Python Forum
How to most effectively unpack list of name-value pair dictionaries in a dataframe? - Printable Version

+- Python Forum (https://python-forum.io)
+-- Forum: Python Coding (https://python-forum.io/forum-7.html)
+--- Forum: Data Science (https://python-forum.io/forum-44.html)
+--- Thread: How to most effectively unpack list of name-value pair dictionaries in a dataframe? (/thread-41084.html)



How to most effectively unpack list of name-value pair dictionaries in a dataframe? - zlim - Nov-07-2023

Hello! I'm working with a dataset that has a rather inconvenient format where one of the columns is basically a list of name-value pair dictionaries. I would like to expand that column such that each of the names is it's own column. So far, I've found a way to do it by manually extracting each of the values, but ideally, I would prefer a more general solution that is also efficient. Here's an example:

import pandas as pd

data = {'name': ['Alice', 'Bob', 'Clark'],
        'preferences': [[{'name': 'fruit', 'value': 'apple'}, 
                         {'name': 'drink', 'value': 'lemonade'},
                         {'name': 'food', 'value': 'pizza'}],
                        [{'name': 'fruit', 'value': 'orange'}, 
                         {'name': 'drink', 'value': 'soda'},
                         {'name': 'food', 'value': 'soup'}],
                        [{'name': 'fruit', 'value': 'pear'}, 
                         {'name': 'drink', 'value': 'water'},
                         {'name': 'food', 'value': 'chicken'}]]}

df = pd.DataFrame(data)

# Extract values from 'preferences' column
df['fruit'] = df['preferences'].apply(lambda x: [item['value'] for item in x if item['name'] == 'fruit'][0])
df['drink'] = df['preferences'].apply(lambda x: [item['value'] for item in x if item['name'] == 'drink'][0])
df['food'] = df['preferences'].apply(lambda x: [item['value'] for item in x if item['name'] == 'food'][0])

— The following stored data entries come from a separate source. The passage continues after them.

(* For any integers $s,k\geq 2$, we have $\chi(\overline{K}(sk,k))\leq h_o(\overline{K}(sk,k))$, and $\overline{K}(sk,k)$ contains a strongly $1$-shallow $K_t$-minor with $t=\chi(\overline{K}(sk,k))$.
   Context: For integers $n\ge 2k\ge 4$, $\overline{K}(n,k)$ is the complement of the Kneser graph: its vertices are the $k$-element subsets of $[n]=\{1,\dots,n\}$, two distinct ones adjacent iff they intersect. $\chi$ is chromatic number. A $K_t$-minor of a graph $G$ is given by $t$ pairwise vertex-disjoint connected subgraphs (bags), any two joined by an edge of $G$. A star is $K_{1,s}$, $s\ge1$. A $K_t$-minor is strongly $1$-shallow if each bag is a single vertex or a star, and every two bags are joined by an edge each of whose endpoints is either the unique vertex of a single-vertex bag or a leaf of a star bag. Signed graphs: $(G,\sigma)$ with $\sigma:E(G)\to\{+,-\}$; switching at $x$ flips signs of edges at $x$. $(H,\pi)$ is a minor of $(G,\sigma)$ if for some $\tau$ switching equivalent to $\sigma$ there are disjoint subgraphs $B_x$ ($x\in V(H)$) whose $\tau$-positive edges span each $B_x$ connectedly, and for each edge $xy$ of $H$ an edge $uv$ with $u\in B_x,v\in B_y$ and $\tau(uv)=\pi(xy)$. $h_o(G)$ is the largest $t$ such that $(K_t,-)$ (all edges negative) is a minor of $(G,-)$. *)

From mathcomp Require Import all_boot.
Set Implicit Arguments. Unset Strict Implicit. Unset Printing Implicit Defensive.

(* A (simple) graph is a relation [e : rel T] on a finite type [T];
   [e x y] means that x and y are adjacent.  Loops are ignored. *)

Definition colorable (T : finType) (e : rel T) (c : nat) : bool :=
  [exists f : {ffun T -> 'I_c},
     [forall x, [forall y, ((x != y) && e x y) ==> (f x != f y)]]].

# Drop the 'preferences' column
df = df.drop(columns=['preferences'])
An additional complication is that not every column has the same name-value pairs. In that case, the method above fails (IndexError) without doing an additional check, which is even more inefficient.

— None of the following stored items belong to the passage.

Definition compatible_invlim_metric {X : Type} (d : X -> X -> R)
  (F : X -> X -> Prop) (rho : (nat -> X) -> (nat -> X) -> R) : Prop :=
  is_metric_on (invlim F) rho /\
  forall U : (nat -> X) -> Prop,
    open_in (invlim F) rho U <-> prod_open_in (invlim F) d U.

Definition orbit {Y : Type} (A : Y -> Prop) (G : Y -> Y -> Prop) (z : nat -> Y) : Prop :=
  forall j, A (z j) /\ G (z j) (z (S j)).

(* Specification property of G on the metric space (A, rho).
   Points y^1..y^n are ys 1 .. ys n, orbits are orb 1 .. orb n. *)
Definition spec_prop {Y : Type} (A : Y -> Prop) (rho : Y -> Y -> R)
  (G : Y -> Y -> Prop) : Prop :=
  forall eps, eps > 0 ->
  exists M : nat,
  forall (n : nat) (ys : nat -> Y) (a b : nat -> nat) (orb : nat -> nat -> Y) (P : nat),
    (1 <= n)%nat ->
    (forall i, (1 <= i <= n)%nat -> A (ys i)) ->
    (forall i, (1 <= i <= n)%nat -> (a i <= b i)%nat) ->
    (forall i, (1 <= i < n)%nat -> (b i + M < a (S i))%nat) ->
    (forall i, (1 <= i <= n)%nat -> orbit A G (orb i) /\ orb i 0%nat = ys i) ->
    (M + b n < P + a 1%nat)%nat ->
    exists (z : Y) (zs : nat -> Y),
      A z /\ orbit A G zs /\ zs 0%nat = z /\
      (forall i j, (1 <= i <= n)%nat -> (a i <= j <= b i)%nat ->
         rho (zs j) (orb i j) < eps) /\
      zs P = z.

From Stdlib Require Import Reals List Lra Lia Classical ClassicalEpsilon FunctionalExtensionality.
Open Scope R_scope.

Maybe the solution is to use pd.json_normalize on the preferences column, pivot that, then append the various dataframes?

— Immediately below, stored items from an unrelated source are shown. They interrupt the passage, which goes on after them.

(* Let $G$ be a finite group, let $\pi$ be a set of primes, let $q\in\pi$ and let $Q$ be a Sylow $q$-subgroup of $G$. Let $\mathcal{S}_{q'}(G_\pi)$ denote the union of all conjugacy classes $g^G$ with $g$ a $\pi$-element of $G$ such that $|g^G|$ is not divisible by $q$. If $\mathbf{Z}(Q)\le\mathbf{Z}(G)$ and $C_G(Q)$ has a normal Hall $\pi$-subgroup, then $|\mathbf{Z}(G)|_q=|\mathcal{S}_{q'}(G_\pi)|_q$.
   Context: A $\pi$-element is an element whose order is divisible only by primes in $\pi$. For a positive integer $n$ and prime $q$, $n_q$ denotes the largest power of $q$ dividing $n$. $|g^G|=|G:C_G(g)|$ is the size of the conjugacy class of $g$. *)

From mathcomp Require Import all_boot all_fingroup all_solvable.
Set Implicit Arguments. Unset Strict Implicit. Unset Printing Implicit Defensive.
Local Open Scope group_scope.

Definition Sqp (gT : finGroupType) (G : {set gT}) (pi : nat_pred) (q : nat)
  : {set gT} :=
  \bigcup_(g in G | pi.-elt g && ~~ (q %| #|g ^: G|)%N) (g ^: G).

(* Let Z := 'Z(Q), a q-group that is central in G. A q-element whose class
   has q'-size is central in a Sylow q-subgroup of its centraliser, hence of G,
   and all Sylow q-subgroups of G have centre Z; so every g in S := S_{q'}(G_pi)
   has its q-part in Z. As S is also stable under q'-parts and under
   multiplication by Z, g |-> (g_q, g_q') identifies S with Z x X, where X is
   the set of q'-elements of S; likewise |Z(G)|_q = |Z|. Conjugation by Q makes
   |X| congruent mod q to the number of q'-elements of S /\ C(Q), and
   S /\ C(Q) is the normal Hall pi-subgroup H of C_G(Q). Since
   |H|_q = |C_G(Q)|_q = |Z|, the same decomposition of H shows that q does not
   divide that number, hence not |X|, and |S|_q = |Z|. *)

From mathcomp Require Import all_boot all_fingroup all_solvable.
Set Implicit Arguments. Unset Strict Implicit. Unset Printing Implicit Defensive.
Local Open Scope group_scope.

Section ClassesAndSylow.

Variable gT : finGroupType.
Implicit Types (G Q R Z : {group gT}) (x y z h : gT).

Lemma card_class_cycle_dvd G x y : y \in <[x]> -> (#|y ^: G| %| #|x ^: G|)%N.
Proof.
move=> xy; rewrite -!index_cent1 indexgS // setIS // sub_cent1.
by apply: subsetP xy; rewrite cycle_subG -sub_cent1.
Qed.

Lemma card_class_mul_center G z x : z \in 'Z(G) -> #|(z * x) ^: G| = #|x ^: G|.
Proof.
case/centerP=> _ cGz; rewrite -!index_cent1; congr #|_ : _|.
apply/setP=> y; rewrite !in_setI !cent1E; case Gy: (y \in G) => //=.
by rewrite !mulgA (commute_sym (cGz y Gy)) -!mulgA (inj_eq (mulgI z)).
Qed.

Lemma p_elt_center_Sylow (p : nat) G h :
  h \in G -> p.-elt h -> p^'.-nat #|h ^: G| ->
  exists2 R : {group gT}, p.-Sylow(G) R & h \in 'Z(R).
Proof.
move=> Gh ph p'hG; set C := 'C_G[h].
have [R sylR] := Sylow_exists p C; have [sRC pR p'iCR] := and3P sylR.
have sCG : C \subset G := subsetIl _ _.
exists R.
  rewrite /pHall (subset_trans sRC sCG) pR -(Lagrange_index sCG sRC) pnatM.
  by rewrite index_cent1 p'hG p'iCR.
have hR : h \in R.
  have hZC : <[h]> \subset 'Z(C).
    rewrite cycle_subG; apply/centerP; split; first exact/subcent1P.
    by move=> y /subcent1P[].
  rewrite -cycle_subG; apply: subset_trans (pcore_sub_Hall sylR).
  exact: pcore_max ph (sub_center_normal hZC).
by apply/centerP; split=> // y /(subsetP sRC)/subcent1P[].
Qed.

Lemma center_Sylow_eq (p : nat) G Q R :
  p.-Sylow(G) Q -> p.-Sylow(G) R -> 'Z(Q) \subset 'Z(G) -> 'Z(R) = 'Z(Q).
Proof.
move=> sylQ sylR sZQ; have [y Gy ->] := Sylow_trans sylQ sylR.
rewrite /center centJ -conjIg; apply/normP.
apply: subsetP y Gy; apply: subset_trans (cent_sub _).
by rewrite centsC (subset_trans sZQ) ?subsetIr.
Qed.

Lemma part_card_center_Sylow (p : nat) G Q :
  p.-Sylow(G) Q -> 'Z(Q) \subset 'Z(G) -> (#|'Z(G)|`_p = #|'Z(Q)|)%N.
Proof.
move=> sylQ sZQ; have sQG := pHall_sub sylQ.
have -> : 'Z(Q) = Q :&: 'Z(G) :> {set gT}.
  apply/eqP; rewrite eqEsubset subsetI center_sub sZQ andbT.
  apply/subsetP=> x /setIP[Qx /centerP[_ cGx]]; apply/centerP; split=> // y Qy.
  exact/cGx/(subsetP sQG).
by rewrite (card_Hall (Hall_setI_normal (center_normal G) sylQ)).
Qed.

Lemma part_card_subcent_Sylow (p : nat) G Q :
  p.-Sylow(G) Q -> (#|'C_G(Q)|`_p = #|'Z(Q)|)%N.
Proof.
move=> sylQ; have sQG := pHall_sub sylQ.
have sylQN : p.-Sylow('N_G(Q)) Q.
  by apply: pHall_subl sylQ; rewrite ?subsetIl // subsetI sQG normG.
have -> : 'Z(Q) = Q :&: 'C_G(Q) :> {set gT} by rewrite setIA (setIidPl sQG).
by rewrite (card_Hall (Hall_setI_normal (subcent_normal G Q) sylQN)).
Qed.

Lemma card_p_central_decomp (pi : nat_pred) Z (Y : {set gT}) :
  pi.-group Z -> Z \subset 'C(Y) ->
  {in Y, forall g, g.`_pi \in Z} -> {in Y, forall g, g.`_pi^' \in Y} ->
  {in Z & Y, forall z x, z * x \in Y} ->
  #|Y| = (#|Z| * #|[set x in Y | pi^'.-elt x]|)%N.
Proof.
move=> piZ cZY Ypi Ypi' ZY_Y; set X := [set x in Y | pi^'.-elt x].
have mulK z x : z \in Z -> x \in X -> (z * x).`_pi = z.
  move=> Zz /setIdP[Yx pi'x]; have /centP czx := subsetP cZY z Zz.
  rewrite consttM; last exact: czx.
  by rewrite constt_p_elt ?(mem_p_elt piZ) // (constt1P pi'x) mulg1.
rewrite -cardsX -(card_in_imset (f := fun u => u.1 * u.2)).
  apply: eq_card => g; apply/idP/imsetP=> [Yg | [[z x] /setXP[Zz /setIdP[Yx _]] ->]].
    exists (g.`_pi, g.`_pi^'); last by rewrite /= consttC.
    by rewrite inE /= Ypi // inE Ypi' // p_elt_constt.
  exact: ZY_Y.
move=> [z x] [z' x'] /setXP[Zz Xx] /setXP[Zz' Xx'] /= eq_zx.
have ez : z = z' by rewrite -(mulK z x) // eq_zx mulK.
by move: eq_zx; rewrite ez => /mulgI ->.
Qed.

End ClassesAndSylow.

Section Sqp.

Variables (gT : finGroupType) (G : {group gT}) (pi : nat_pred) (q : nat).
Local Notation S := (Sqp G pi q).

Lemma in_Sqp g : (g \in S) = [&& g \in G, pi.-elt g & ~~ (q %| #|g ^: G|)%N].
Proof.
apply/bigcupP/and3P => [[x /andP[Gx /andP[pi_x q'x]] gx] | [Gg pi_g q'g]].
  have /class_eqP -> := gx; case/imsetP: gx => y Gy ->.
  by rewrite groupJ // p_eltJ pi_x q'x.
by exists g; rewrite ?Gg ?pi_g ?q'g ?class_refl.
Qed.

Lemma Sqp_sub : S \subset G.
Proof. by apply/subsetP=> g; rewrite in_Sqp => /andP[]. Qed.

Lemma SqpJ g y : y \in G -> (g ^ y \in S) = (g \in S).
Proof. by move=> Gy; rewrite !in_Sqp groupJr // p_eltJ classGidl. Qed.

Lemma cycle_sub_Sqp g : g \in S -> <[g]> \subset S.
Proof.
rewrite in_Sqp => /and3P[Gg pi_g q'g]; apply/subsetP=> y gy.
have sgG : <[g]> \subset G by rewrite cycle_subG.
rewrite in_Sqp (subsetP sgG) // (mem_p_elt pi_g) //=.
by apply: contra q'g => /dvdn_trans; apply; apply: card_class_cycle_dvd.
Qed.

Lemma Sqp_mul_center z x : z \in 'Z(G) -> pi.-elt z -> x \in S -> z * x \in S.
Proof.
move=> ZGz pi_z; rewrite !in_Sqp card_class_mul_center // => /and3P[Gx pi_x ->].
case/centerP: ZGz => Gz cGz.
by rewrite groupM // p_eltM //; apply: cGz.
Qed.

Variable Q : {group gT}.
Hypotheses (q_pr : prime q) (sylQ : q.-Sylow(G) Q) (sZQ : 'Z(Q) \subset 'Z(G)).

Let qZ : q.-group 'Z(Q) := pgroupS (center_sub Q) (pHall_pgroup sylQ).

Lemma Sqp_constt_center g : g \in S -> g.`_q \in 'Z(Q).
Proof.
move=> Sg; have := subsetP (cycle_sub_Sqp Sg) _ (cycle_constt q g).
rewrite in_Sqp -p'natE // => /and3P[Gh _ q'hG].
have [R sylR ZRh] := p_elt_center_Sylow Gh (p_elt_constt q g) q'hG.
by rewrite -(center_Sylow_eq sylQ sylR sZQ).
Qed.

Lemma card_SqpI (A : {group gT}) : q \in pi -> 'Z(Q) \subset A ->
  #|S :&: A| = (#|'Z(Q)| * #|[set x in S :&: A | q^'.-elt x]|)%N.
Proof.
move=> pi_q sZA; apply: (card_p_central_decomp qZ).
- apply: subset_trans sZQ _; rewrite centsC.
  apply: subset_trans (subsetIl _ _) (subset_trans Sqp_sub _).
  by rewrite centsC subsetIr.
- by move=> g /setIP[/Sqp_constt_center].
- move=> g /setIP[Sg Ag]; rewrite inE (subsetP (cycle_sub_Sqp Sg)) ?cycle_constt //=.
  by apply: subsetP (cycle_constt _ g); rewrite cycle_subG.
- move=> z x Zz /setIP[Sx Ax]; rewrite inE groupM ?(subsetP sZA z Zz) // andbT.
  apply: Sqp_mul_center (subsetP sZQ z Zz) _ Sx.
  by apply: sub_p_elt (mem_p_elt qZ Zz) => p /eqnP->.
Qed.

Lemma card_Sqp_p'elt_mod :
  #|[set x in S | q^'.-elt x]| = #|[set x in S :&: 'C(Q) | q^'.-elt x]| %[mod q].
Proof.
have -> : [set x in S :&: 'C(Q) | q^'.-elt x] = 'Fix_([set x in S | q^'.-elt x] | 'J)(Q).
  by apply/setP=> x; rewrite afixJ !inE andbAC.
apply: pgroup_fix_mod (pHall_pgroup sylQ) _.
apply/actsP=> y Qy x; rewrite !inE /= SqpJ ?p_eltJ //.
exact: subsetP (pHall_sub sylQ) y Qy.
Qed.

Lemma Sqp_cent_Hall (H : {group gT}) :
  pi.-Hall('C_G(Q)) H -> H <| 'C_G(Q) -> S :&: 'C(Q) = H.
Proof.
move=> hallH nsHC; apply/setP=> g; rewrite inE in_Sqp.
apply/idP/idP=> [/andP[/and3P[Gg pi_g _] Cg] | Hg].
  by rewrite (mem_normal_Hall hallH nsHC) // inE Gg.
have /setIP[Gg Cg] := subsetP (pHall_sub hallH) g Hg.
rewrite Gg Cg (mem_p_elt (pHall_pgroup hallH) Hg) /= andbT -p'natE // -index_cent1.
have [_ _ q'iGQ] := and3P sylQ; apply: pnat_dvd q'iGQ.
by rewrite indexgS // subsetI (pHall_sub sylQ) sub_cent1.
Qed.

Lemma p'nat_card_Sqp_cent_p'elt (H : {group gT}) :
  q \in pi -> pi.-Hall('C_G(Q)) H -> H <| 'C_G(Q) ->
  q^'.-nat #|[set x in S :&: 'C(Q) | q^'.-elt x]|.
Proof.
move=> pi_q hallH nsHC; set X := [set x in _ | _].
have cardH : #|H| = (#|'Z(Q)| * #|X|)%N.
  by rewrite -(Sqp_cent_Hall hallH nsHC) (card_SqpI (A := 'C(Q)%G)) ?subsetIr.
have X_gt0 : 0 < #|X| by move: (cardG_gt0 H); rewrite cardH muln_gt0 => /andP[].
have := part_card_subcent_Sylow sylQ.
rewrite -(partn_part _ (pi := q) (rho := pi)) => [|p /eqnP-> //].
rewrite -(card_Hall hallH) cardH partnM // (part_pnat_id qZ) -partn_eq1 //.
by rewrite -{2}[#|'Z(Q)|]muln1 => /eqP; rewrite eqn_pmul2l.
Qed.

Lemma part_card_Sqp (H : {group gT}) :
  q \in pi -> pi.-Hall('C_G(Q)) H -> H <| 'C_G(Q) -> (#|S|`_q = #|'Z(Q)|)%N.
Proof.
move=> pi_q hallH nsHC; set X := [set x in S | q^'.-elt x].
have q'X : q^'.-nat #|X|.
  rewrite p'natE // /dvdn card_Sqp_p'elt_mod -/(dvdn _ _) -p'natE //.
  exact: p'nat_card_Sqp_cent_p'elt hallH nsHC.
have X_gt0 : 0 < #|X| by case/andP: q'X.
have sZG : 'Z(Q) \subset G := subset_trans (center_sub Q) (pHall_sub sylQ).
rewrite -(setIidPl Sqp_sub) (card_SqpI pi_q sZG) (setIidPl Sqp_sub) -/X.
by rewrite partnM // (part_pnat_id qZ) (part_p'nat q'X) muln1.
Qed.

End Sqp.

Theorem proposition3p7 (gT : finGroupType) (G Q : {group gT})
  (pi : nat_pred) (q : nat) :
  prime q -> q \in pi -> Q \in 'Syl_q(G) ->
  'Z(Q) \subset 'Z(G) ->
  (exists H : {group gT}, pi.-Hall('C_G(Q)) H /\ H <| 'C_G(Q)) ->
  (#|'Z(G)|`_q = #|Sqp G pi q|`_q)%N.
Proof.
move=> q_pr pi_q; rewrite inE => sylQ sZQ [H [hallH nsHC]].
by rewrite (part_card_center_Sylow sylQ sZQ) (part_card_Sqp q_pr sylQ sZQ pi_q hallH nsHC).
Qed.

RE: How to most effectively unpack list of name-value pair dictionaries in a dataframe? - zlim - Nov-07-2023

Updated code to account for potential gaps:

import pandas as pd
import numpy as np

def extract_value(l, name):
    extracted = [item['value'] for item in l if item['name'] == name]
    if len(extracted) == 0:
        return np.nan
    else:
        return extracted[0]

data = {'name': ['Alice', 'Bob', 'Clark'],
        'preferences': [[{'name': 'fruit', 'value': 'apple'}, 
                         {'name': 'drink', 'value': 'lemonade'},
                         {'name': 'food', 'value': 'pizza'}],
                        [{'name': 'fruit', 'value': 'orange'}, 
                         {'name': 'drink', 'value': 'soda'},
                         {'name': 'food', 'value': 'soup'}],
                        [{'name': 'fruit', 'value': 'pear'}, 
                         {'name': 'food', 'value': 'chicken'}]]}
 
df = pd.DataFrame(data)
 
# Extract values from 'preferences' column
df['fruit'] = df['preferences'].apply(lambda x: extract_value(x, 'fruit'))
df['drink'] = df['preferences'].apply(lambda x: extract_value(x, 'drink'))
df['food'] = df['preferences'].apply(lambda x: extract_value(x, 'food'))
 
# Drop the 'preferences' column
df = df.drop(columns=['preferences'])